It’s a cherry-stem (dead-end) road, which is both good and bad from a sport-bike perspective. Good: Very little traffic and LEO patrols, especially during the winter (who would want to ride up there in the snow anyway? ). Bad: We’re not gonna cover much ground for the “touring” aspect of the ride, and there won’t be much in the way of winter maintenance since it’s not a through road. Good and bad, we’re still gonna ride the hell out of it!

Looking kinda chilly up there, the snow has already begun...




All the more reason to heat up these tires! Chicken-strips get no mercy. None. At. All.




Such great turns up here! A few dirty switchbacks that require care, but there’s plenty of lean angle to be had for the lower section and the awesome side-hill action near the “top.”

Snow. It may not seem like a big deal to many reading this, but for those that live in southern Arizona it's kind of a novelty.




Our suspicions are confirmed: It IS pretty damn chilly up top! A few flakes are swirling around, but we make it all the way to the locked gate at the “end.” We may very well have been the last riders of the year as this storm system is coming in. Success!




You may also notice that I’m sporting a new SPOT tracker on the front of my jacket. The Montana 1000 fiasco (when I got separated and “lost” from my group) did indeed result in a gift that will let people keep tabs on me. Not sure quite how I feel about all that, but I certainly like the emergency beacon capabilities it offers. I guess we can all sleep a little better thanks to a reasonable bit of technology along for the ride.

As per the rules and regulations of this trip we stop at the Mt. Graham gas station to get sandwiches and hot chocolate and warm our mitts for a while. What exactly are in these sandwiches?




We also observe that Paula standing is almost exactly the same height of the KTM on the centerstand. I think it’s hilarious and insist on this pic, but obviously she doesn’t see the humor to the same extent... Good sport though.




We’re all the way out here, we might as well do another “lap” of the mountain, eh?
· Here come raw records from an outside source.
(* In the setting of an iteration $t$ of the NSGA-II optimizing \textsc{OneMinMax}, with crowding distances computed with respect to $R_t$, let $v_1^{\min},v_1^{\max}$, $V$, $V^+_{\mathrm{in}}$, $V^-_{\mathrm{in}}$ be as defined below and assume $v_1^{\max}>v_1^{\min}$. Then for every $(v_1,v_2)\in V^+_{\mathrm{in}}\cap V^-_{\mathrm{in}}$, there are at most two individuals $x\in R_t$ with $f(x)=(v_1,v_2)$ and $\mathrm{cDis}(x)\ge\frac{2}{v_1^{\max}-v_1^{\min}}$ (regardless of how ties are broken in the sorting steps).
   Context: Search space $\{0,1\}^n$; objective $f=(f_1,f_2)$, both maximized. Populations are multisets of bit strings. Crowding distance of the individuals of a set $S$ (computed with respect to $S$): start with $\mathrm{cDis}(x)=0$ for all $x\in S$; for each $i\in\{1,2\}$, sort $S$ in ascending $f_i$-value as $S_{i.1},\dots,S_{i.|S|}$ (ties broken arbitrarily), set $\mathrm{cDis}(S_{i.1})=\mathrm{cDis}(S_{i.|S|})=+\infty$, and for $2\le j\le |S|-1$ add $\frac{f_i(S_{i.j+1})-f_i(S_{i.j-1})}{f_i(S_{i.|S|})-f_i(S_{i.1})}$ to $\mathrm{cDis}(S_{i.j})$. In the NSGA-II, $R_t=P_t\cup Q_t$ is the multiset union of the parent population $P_t$ and offspring population $Q_t$ of iteration $t$, each of size $N$. \textsc{OneMinMax}: $f(x)=(n-\sum_i x_i,\ \sum_i x_i)$. Notation: $v_1^{\min}=\min\{f_1(x):x\in R_t\}$, $v_1^{\max}=\max\{f_1(x):x\in R_t\}$, $V=f(R_t)=\{f(x):x\in R_t\}$, $V^+_{\mathrm{in}}=\{(v_1,v_2)\in V:\exists y\in R_t,\ f(y)=(v_1+1,v_2-1)\}$, $V^-_{\mathrm{in}}=\{(v_1,v_2)\in V:\exists y\in R_t,\ f(y)=(v_1-1,v_2+1)\}$. *)

From mathcomp Require Import all_boot all_order all_fingroup all_algebra.
Set Implicit Arguments. Unset Strict Implicit. Unset Printing Implicit Defensive.
Import Order.TTheory GRing.Theory Num.Theory.

Definition bitstr (n : nat) := n.-tuple bool.
Definition bs0 (n : nat) : bitstr n := [tuple of nseq n false].

Definition ones n (x : bitstr n) : nat := count id x.

Definition fobj n (i : 'I_2) (x : bitstr n) : nat :=
  if val i == 0%N then (n - ones x)%N else ones x.
Definition f1 n (x : bitstr n) : nat := fobj ord0 x.
Definition f2 n (x : bitstr n) : nat := fobj ord_max x.

(* The k-th individual of the multiset R (given as a sequence). *)
Definition ind n (R : seq (bitstr n)) (k : nat) : bitstr n := nth (bs0 n) R k.

(* A tie-breaking choice of sortings: for each objective i, a permutation s i of
   the positions of R such that j |-> f_i(R_(s i j)) is nondecreasing,
   i.e. S_{i.j+1} = R_(s i j). *)
Definition sorting n (R : seq (bitstr n)) (s : 'I_2 -> {perm 'I_(size R)}) : Prop :=
  forall (i : 'I_2) (j1 j2 : 'I_(size R)), (j1 <= j2)%N ->
    (fobj i (ind R (s i j1)) <= fobj i (ind R (s i j2)))%N.

(* f_i-values along the i-th sorted order, indexed from 0 *)
Definition sval n (R : seq (bitstr n)) (s : 'I_2 -> {perm 'I_(size R)})
  (i : 'I_2) (p : nat) : rat :=
  (nth 0%N [seq fobj i (ind R (s i j)) | j <- enum 'I_(size R)] p)%:R%R.

(* Contribution of objective i to the crowding distance of the individual at
   position k of R; None stands for +infinity. *)
Definition cdis_part n (R : seq (bitstr n)) (s : 'I_2 -> {perm 'I_(size R)})
  (i : 'I_2) (k : 'I_(size R)) : option rat :=
  let p := val ((s i)^-1 k)%g in
  let m := size R in
  if (p == 0%N) || (p == m.-1) then None
  else Some ((sval s i p.+1 - sval s i p.-1) / (sval s i m.-1 - sval s i 0))%R.

Definition cDis n (R : seq (bitstr n)) (s : 'I_2 -> {perm 'I_(size R)})
  (k : 'I_(size R)) : option rat :=
  match cdis_part s ord0 k, cdis_part s ord_max k with
  | Some a, Some b => Some (a + b)%R
  | _, _ => None
  end.

Definition ge_ext (c : option rat) (t : rat) : bool :=
  if c is Some a then (t <= a)%R else true.

(* v_1^min, v_1^max over R (R nonempty in the statement; n is an upper bound of f_1) *)
Definition v1min n (R : seq (bitstr n)) : nat := \big[minn/n]_(x <- R) f1 x.
Definition v1max n (R : seq (bitstr n)) : nat := \max_(x <- R) f1 x.

Definition inV n (R : seq (bitstr n)) (v1 v2 : nat) : Prop :=
  exists2 x, x \in R & (f1 x = v1 /\ f2 x = v2).
Definition inVplus n (R : seq (bitstr n)) (v1 v2 : nat) : Prop :=
  inV R v1 v2 /\ exists2 y, y \in R & (f1 y = v1.+1 /\ (f2 y).+1 = v2).
Definition inVminus n (R : seq (bitstr n)) (v1 v2 : nat) : Prop :=
  inV R v1 v2 /\ exists2 y, y \in R & ((f1 y).+1 = v1 /\ f2 y = v2.+1).

From mathcomp Require Import all_boot all_order all_fingroup all_algebra.
From mathcomp Require Import zify.
Import Order.TTheory GRing.Theory Num.Theory.
Set Implicit Arguments. Unset Strict Implicit. Unset Printing Implicit Defensive.

(* Since v1 - 1 and v1 + 1 both occur as f_1-values, an individual x with
   f(x) = (v1, v2) is interior in both sorted orders. If its two f_1-neighbours
   also have f_1-value v1, the f_1-term of cDis(x) vanishes; moreover its right
   f_1-neighbour is a second individual with value (v1, v2), which in the
   f_2-order lies on one side of x and squeezes the f_2-gap around x to at most
   1. Since the f_2-span of R equals v1max - v1min, cDis(x) is then at most
   1 / (v1max - v1min). Hence every individual reaching the threshold is the
   first or the last of the block of value v1 in the f_1-order: at most two. *)

Section NondecreasingSequence.

Variables (h : nat -> nat) (m : nat).
Hypothesis h_mono : forall a b, (a <= b)%N -> (b < m)%N -> (h a <= h b)%N.

Lemma first_of_level_unique v p1 p2 :
  (p1 < m)%N -> (p2 < m)%N -> h p1 = v -> h p2 = v ->
  (h p1.-1 < v)%N -> (h p2.-1 < v)%N -> p1 = p2.
Proof.
move=> p1m p2m hp1 hp2 hp1' hp2'.
case: (ltngtP p1 p2) => // [lt12|lt21].
- by have := h_mono (_ : p1 <= p2.-1)%N (_ : p2.-1 < m)%N; lia.
- by have := h_mono (_ : p2 <= p1.-1)%N (_ : p1.-1 < m)%N; lia.
Qed.

Lemma last_of_level_unique v p1 p2 :
  (p1 < m)%N -> (p2 < m)%N -> h p1 = v -> h p2 = v ->
  (v < h p1.+1)%N -> (v < h p2.+1)%N -> p1 = p2.
Proof.
move=> p1m p2m hp1 hp2 hp1' hp2'.
case: (ltngtP p1 p2) => // [lt12|lt21].
- by have := h_mono lt12 p2m; lia.
- by have := h_mono lt21 p1m; lia.
Qed.

Lemma level_interior v p :
  (p < m)%N -> h p = v ->
  (exists2 r, (r < m)%N & (h r).+1 = v) -> (exists2 r, (r < m)%N & h r = v.+1) ->
  [/\ (0 < p < m.-1)%N, (h p.-1 <= v <= (h p.-1).+1)%N
    & (v <= h p.+1 <= v.+1)%N].
Proof.
move=> pm hp [rm rmm hrm] [rp rpm hrp].
have rm_lt_p : (rm < p)%N.
  by rewrite ltnNge; apply/negP => /h_mono /(_ rmm); lia.
have p_lt_rp : (p < rp)%N.
  by rewrite ltnNge; apply/negP => /h_mono /(_ pm); lia.
have := @h_mono rm p.-1; have := @h_mono p.-1 p.
have := @h_mono p p.+1; have := @h_mono p.+1 rp.
by move=> *; split; lia.
Qed.

(* A second position q' of the same level lies on one side of q, so one of the
   two neighbours of q stays at the level of q. *)
Lemma level_gap_le1 q q' :
  (0 < q < m.-1)%N -> (q' < m)%N -> q' != q -> h q' = h q ->
  (h q <= (h q.-1).+1)%N -> (h q.+1 <= (h q).+1)%N ->
  (h q.+1 <= (h q.-1).+1)%N.
Proof.
move=> q_in q'm q'q hq' below above.
case: (ltngtP q q') q'q => // [lt_qq'|lt_q'q] _.
- by have := h_mono (_ : q.+1 <= q')%N q'm; lia.
- by have := h_mono (_ : q' <= q.-1)%N (_ : q.-1 < m)%N; lia.
Qed.

End NondecreasingSequence.

Lemma inv_span_lt_threshold (F : numFieldType) (d d' : nat) (c : F) :
  (0 < d)%N -> (d <= d')%N -> (c <= d'%:R^-1)%R -> (c < 2 / d%:R)%R.
Proof.
move=> d_gt0 le_dd' c_le; apply: (le_lt_trans c_le).
apply: (@le_lt_trans _ _ (d%:R^-1)%R).
  by rewrite lef_pV2 ?posrE ?ltr0n ?ler_nat //; lia.
by rewrite ltr_pMl ?invr_gt0 ?ltr0n // ltr1n.
Qed.

Section CrowdingDistance.

Variables (n : nat) (R : seq (bitstr n)) (s : 'I_2 -> {perm 'I_(size R)}).

Definition sorted_obj (i : 'I_2) (p : nat) : nat :=
  nth 0%N [seq fobj i (ind R (s i j)) | j <- enum 'I_(size R)] p.

Definition rank (i : 'I_2) (k : 'I_(size R)) : nat := val ((s i)^-1 k)%g.

Lemma sorted_obj_ord i (j : 'I_(size R)) :
  sorted_obj i j = fobj i (ind R (s i j)).
Proof.
rewrite /sorted_obj (nth_map j) ?size_enum_ord //.
by congr (fobj i (ind R (s i _))); apply: val_inj; rewrite /= nth_enum_ord.
Qed.

Lemma sorted_obj_rank i k : sorted_obj i (rank i k) = fobj i (ind R k).
Proof. by rewrite sorted_obj_ord permKV. Qed.

Lemma rank_lt i k : (rank i k < size R)%N.
Proof. exact: ltn_ord. Qed.

Lemma rank_perm i j : rank i (s i j) = j.
Proof. by rewrite /rank permK. Qed.

Lemma rank_inj i : injective (rank i).
Proof. by move=> k k' /val_inj /perm_inj. Qed.

Lemma exists_rank i y : y \in R ->
  exists2 r, (r < size R)%N & sorted_obj i r = fobj i y.
Proof.
move=> yR; have yi : (index y R < size R)%N by rewrite index_mem.
by exists (rank i (Ordinal yi)); rewrite ?rank_lt // sorted_obj_rank /ind nth_index.
Qed.

Hypothesis s_sorting : sorting s.

Lemma sorted_obj_mono i a b :
  (a <= b)%N -> (b < size R)%N -> (sorted_obj i a <= sorted_obj i b)%N.
Proof.
move=> ab bR; have aR := leq_ltn_trans ab bR.
by have := @s_sorting i (Ordinal aR) (Ordinal bR) ab; rewrite -!sorted_obj_ord.
Qed.

Lemma sorted_obj_bounds i x : x \in R ->
  (sorted_obj i 0 <= fobj i x <= sorted_obj i (size R).-1)%N.
Proof.
move=> /(exists_rank i) [r rR <-].
by rewrite !sorted_obj_mono //; lia.
Qed.

Lemma cdis_partE i k : (0 < rank i k < (size R).-1)%N ->
  cdis_part s i k =
    Some (((sorted_obj i (rank i k).+1 - sorted_obj i (rank i k).-1)%:R
           / (sorted_obj i (size R).-1 - sorted_obj i 0)%:R)%R).
Proof.
move=> k_in; rewrite /cdis_part -/(rank i k).
have -> : (rank i k == 0%N) || (rank i k == (size R).-1) = false by lia.
by rewrite !natrB ?sorted_obj_mono //; lia.
Qed.

Lemma cdis_part_flat i k : (0 < rank i k < (size R).-1)%N ->
  sorted_obj i (rank i k).-1 = sorted_obj i (rank i k).+1 ->
  cdis_part s i k = Some 0%R.
Proof. by move=> k_in flat; rewrite cdis_partE // flat subnn mul0r. Qed.

Lemma rank_interior i (k : 'I_(size R)) :
  (exists2 y, y \in R & (fobj i y).+1 = fobj i (ind R k)) ->
  (exists2 y, y \in R & fobj i y = (fobj i (ind R k)).+1) ->
  [/\ (0 < rank i k < (size R).-1)%N,
       (sorted_obj i (rank i k).-1 <= fobj i (ind R k)
          <= (sorted_obj i (rank i k).-1).+1)%N
     & (fobj i (ind R k) <= sorted_obj i (rank i k).+1
          <= (fobj i (ind R k)).+1)%N].
Proof.
move=> [ym ymR hym] [yp ypR hyp].
have [rm rmR hrm] := exists_rank i ymR; have [rp rpR hrp] := exists_rank i ypR.
have hrm' : (sorted_obj i rm).+1 = fobj i (ind R k) by rewrite hrm.
have hrp' : sorted_obj i rp = (fobj i (ind R k)).+1 by rewrite hrp.
by have := level_interior (sorted_obj_mono i) (rank_lt i k) (sorted_obj_rank i k)
  (ex_intro2 _ _ rm rmR hrm') (ex_intro2 _ _ rp rpR hrp').
Qed.

Lemma cdis_part_twin i (k k' : 'I_(size R)) : k' != k ->
  fobj i (ind R k') = fobj i (ind R k) ->
  (exists2 y, y \in R & (fobj i y).+1 = fobj i (ind R k)) ->
  (exists2 y, y \in R & fobj i y = (fobj i (ind R k)).+1) ->
  exists2 c, cdis_part s i k = Some c
    & (c <= (sorted_obj i (size R).-1 - sorted_obj i 0)%:R^-1)%R.
Proof.
move=> k'k twin lower upper.
have [k_in /andP[_ below] /andP[_ above]] := rank_interior lower upper.
have rank_k'k : rank i k' != rank i k by rewrite (inj_eq (@rank_inj i)).
rewrite -(sorted_obj_rank i k) in below above.
have gap := level_gap_le1 (sorted_obj_mono i) k_in (rank_lt i k') rank_k'k
  (etrans (sorted_obj_rank i k') (etrans twin (esym (sorted_obj_rank i k))))
  below above.
eexists; first exact: cdis_partE.
rewrite -[X in (_ <= X)%R]mul1r ler_wpM2r ?invr_ge0 ?ler0n // lern1; lia.
Qed.

Lemma f1_add_f2 (x : bitstr n) : f1 x + f2 x = n.
Proof. by have := count_size id x; rewrite size_tuple /f1 /f2 /fobj /ones /=; lia. Qed.

Lemma v1span_le_f2span :
  (v1max R - v1min R <= sorted_obj ord_max (size R).-1 - sorted_obj ord_max 0)%N.
Proof.
set bot := sorted_obj ord_max 0; set top := sorted_obj ord_max (size R).-1.
have f1_bounds x : x \in R -> (n - top <= f1 x <= n - bot)%N.
  by move=> /(sorted_obj_bounds ord_max); have := f1_add_f2 x; rewrite /f2; lia.
have max_le : (v1max R <= n - bot)%N.
  rewrite /v1max big_seq; apply: (big_ind (fun y => y <= n - bot)%N) => //.
    by move=> *; lia.
  by move=> x /f1_bounds /andP[].
have min_ge : (n - top <= v1min R)%N.
  rewrite /v1min big_seq; apply: (big_ind (fun y => n - top <= y)%N).
  - lia.
  - by move=> *; lia.
  - by move=> x /f1_bounds /andP[].
lia.
Qed.

Lemma crowded_level_boundary v1 v2 (k : 'I_(size R)) :
  (v1min R < v1max R)%N -> inVplus R v1 v2 -> inVminus R v1 v2 ->
  f1 (ind R k) = v1 -> f2 (ind R k) = v2 ->
  ge_ext (cDis s k) (2 / ((v1max R)%:R - (v1min R)%:R))%R ->
  (sorted_obj ord0 (rank ord0 k).-1 < v1)%N
  || (v1 < sorted_obj ord0 (rank ord0 k).+1)%N.
Proof.
move=> span_gt0 [_ [yp ypR [yp1 yp2]]] [_ [ym ymR [ym1 ym2]]] k1 k2.
set p := rank ord0 k.
have [p_in /andP[below _] /andP[above _]] :=
  @rank_interior ord0 k (ex_intro2 _ _ ym ymR (etrans ym1 (esym k1)))
    (ex_intro2 _ _ yp ypR (etrans yp1 (congr1 S (esym k1)))).
rewrite -/p -/(f1 _) k1 in p_in below above.
apply: contraTT; rewrite negb_or -!leqNgt => /andP[flat_below flat_above].
have part0 : cdis_part s ord0 k = Some 0%R.
  by apply: cdis_part_flat; rewrite -/p //; lia.
have pR : (p.+1 < size R)%N by lia.
pose k' := s ord0 (Ordinal pR).
have k'1 : f1 (ind R k') = v1.
  by have := sorted_obj_ord ord0 (Ordinal pR); rewrite /= -/k' -/p /f1; lia.
have k'k : k' != k by rewrite -(inj_eq (@rank_inj ord0)) rank_perm -/p /=; lia.
have k'2 : f2 (ind R k') = v2.
  by have := f1_add_f2 (ind R k'); have := f1_add_f2 (ind R k); lia.
have [c part1 c_le] := @cdis_part_twin ord_max k k' k'k (etrans k'2 (esym k2))
  (ex_intro2 _ _ yp ypR (etrans yp2 (esym k2)))
  (ex_intro2 _ _ ym ymR (etrans ym2 (congr1 S (esym k2)))).
rewrite /cDis part0 part1 /= add0r -natrB 1?ltnW //.
rewrite -ltNge; apply: inv_span_lt_threshold _ v1span_le_f2span c_le; lia.
Qed.

Lemma card_crowded_level_le2 v1 v2 :
  (v1min R < v1max R)%N -> inVplus R v1 v2 -> inVminus R v1 v2 ->
  (#|[set k : 'I_(size R) |
        ((f1 (ind R k) == v1) && (f2 (ind R k) == v2))
        && ge_ext (cDis s k) (2 / ((v1max R)%:R - (v1min R)%:R) : rat)%R]| <= 2)%N.
Proof.
move=> span_gt0 vplus vminus; set S := [set k | _].
have S_level k : k \in S -> sorted_obj ord0 (rank ord0 k) = v1.
  by rewrite inE sorted_obj_rank => /andP[/andP[/eqP]].
set first := [set k in S | sorted_obj ord0 (rank ord0 k).-1 < v1]%N.
set last := [set k in S | v1 < sorted_obj ord0 (rank ord0 k).+1]%N.
have S_sub : S \subset first :|: last.
  apply/subsetP => k; rewrite !inE => /andP[/andP[/eqP k1 /eqP k2] crowded].
  rewrite k1 k2 !eqxx crowded.
  exact: crowded_level_boundary span_gt0 vplus vminus k1 k2 crowded.
clearbody S.
have first_le1 : (#|first| <= 1)%N.
  apply/card_le1_eqP => k k'; rewrite !inE => /andP[kS k_first] /andP[k'S k'_first].
  apply: (@rank_inj ord0).
  by have := first_of_level_unique (sorted_obj_mono ord0) (rank_lt ord0 k)
    (rank_lt ord0 k') (S_level k kS) (S_level k' k'S) k_first k'_first.
have last_le1 : (#|last| <= 1)%N.
  apply/card_le1_eqP => k k'; rewrite !inE => /andP[kS k_last] /andP[k'S k'_last].
  apply: (@rank_inj ord0).
  by have := last_of_level_unique (sorted_obj_mono ord0) (rank_lt ord0 k)
    (rank_lt ord0 k') (S_level k kS) (S_level k' k'S) k_last k'_last.
by have := subset_leq_card S_sub; rewrite cardsU; lia.
Qed.

End CrowdingDistance.

Theorem lemma4 (n N : nat) (P Q : seq (bitstr n))
  (s : 'I_2 -> {perm 'I_(size (P ++ Q))}) (v1 v2 : nat) :
  size P = N -> size Q = N ->
  sorting s ->
  (v1min (P ++ Q) < v1max (P ++ Q))%N ->
  inVplus (P ++ Q) v1 v2 -> inVminus (P ++ Q) v1 v2 ->
  (#|[set k : 'I_(size (P ++ Q)) |
        ((f1 (ind (P ++ Q) k) == v1) && (f2 (ind (P ++ Q) k) == v2))
        && ge_ext (cDis s k)
             (2 / ((v1max (P ++ Q))%:R - (v1min (P ++ Q))%:R) : rat)%R]| <= 2)%N.
Proof.
by move=> _ _ s_sorting; exact: card_crowded_level_le2.
Qed.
I just want to make double-sure those chicken strips haven’t grown back...

I’m also curious and slightly worried about this ugly weather, so we need to constantly modify our plan (which is of course FINE with me!). Descending the mountain I’m compelled to take the following photo. The road ends at a “T” junction. As a motorcyclist which way would you turn, based on the sky? Me too.




Really? The weather is not-so-subtly guiding us right back to Tucson. Sometimes ya gotta just go with the flow! I guess we sleep indoors and eat home-cooked food again tonight; we’ll “re-launch” again to the west in the morning, weather dependent.

We don’t escape the rain for the urban re-entry, or the darkness (I just LOVE that combo, especially when it’s also cold! ), but we beat the downpour, so life is good! I’m really looking forward to heading west tomorrow, country I haven’t seen yet.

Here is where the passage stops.